Theorem theorem2 (R : realType) (N : nat) (tau beta eta : R) (I : 'I_N -> R) :
  (1 <= N)%N -> 0 < tau -> 0 < beta -> 0 < eta -> (forall i, 0 < I i) ->
  [/\ steady_state tau beta eta I (xstar beta eta I),
      0 < Gc (xstar beta eta I),
      (forall x : 'rV[R]_(N.+1),
          steady_state tau beta eta I x -> 0 < Gc x -> x = xstar beta eta I)
    & (forall lam : complex.complex R,
          complex_eigenvalue ('J (field tau beta eta I) (xstar beta eta I)) lam ->
          complex.Re lam < 0)].
Proof.
move=> N_gt0 tau_gt0 beta_gt0 eta_gt0 I_gt0.
have T_gt0 : 0 < \sum_j I j.
  rewrite (bigD1 (Ordinal N_gt0)) //= ltr_pwDl // sumr_ge0 // => i _.
  exact: ltW.
have den_gt0 : 0 < eta - beta + Gstar beta eta I.
  by have := Gstar_gt beta eta T_gt0; lra.
split.
- exact: steady_state_xstar.
- by rewrite Gc_xstar Gstar_gt0.
- by move=> x; exact: steady_state_unique.
- apply: jacobian_field_stable => //; first by rewrite Gc_xstar Gstar_gt.
  by move=> i; rewrite Rc_xstar divr_ge0 ?ltW.
Qed.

================

Exercise goal: Print, unaltered, every line from the beginning of the material down to the line with "exact: ltW.".

Answer below:
Theorem theorem2 (R : realType) (N : nat) (tau beta eta : R) (I : 'I_N -> R) :
  (1 <= N)%N -> 0 < tau -> 0 < beta -> 0 < eta -> (forall i, 0 < I i) ->
  [/\ steady_state tau beta eta I (xstar beta eta I),
      0 < Gc (xstar beta eta I),
      (forall x : 'rV[R]_(N.+1),
          steady_state tau beta eta I x -> 0 < Gc x -> x = xstar beta eta I)
    & (forall lam : complex.complex R,
          complex_eigenvalue ('J (field tau beta eta I) (xstar beta eta I)) lam ->
          complex.Re lam < 0)].
Proof.
move=> N_gt0 tau_gt0 beta_gt0 eta_gt0 I_gt0.
have T_gt0 : 0 < \sum_j I j.
  rewrite (bigD1 (Ordinal N_gt0)) //= ltr_pwDl // sumr_ge0 // => i _.
  exact: ltW.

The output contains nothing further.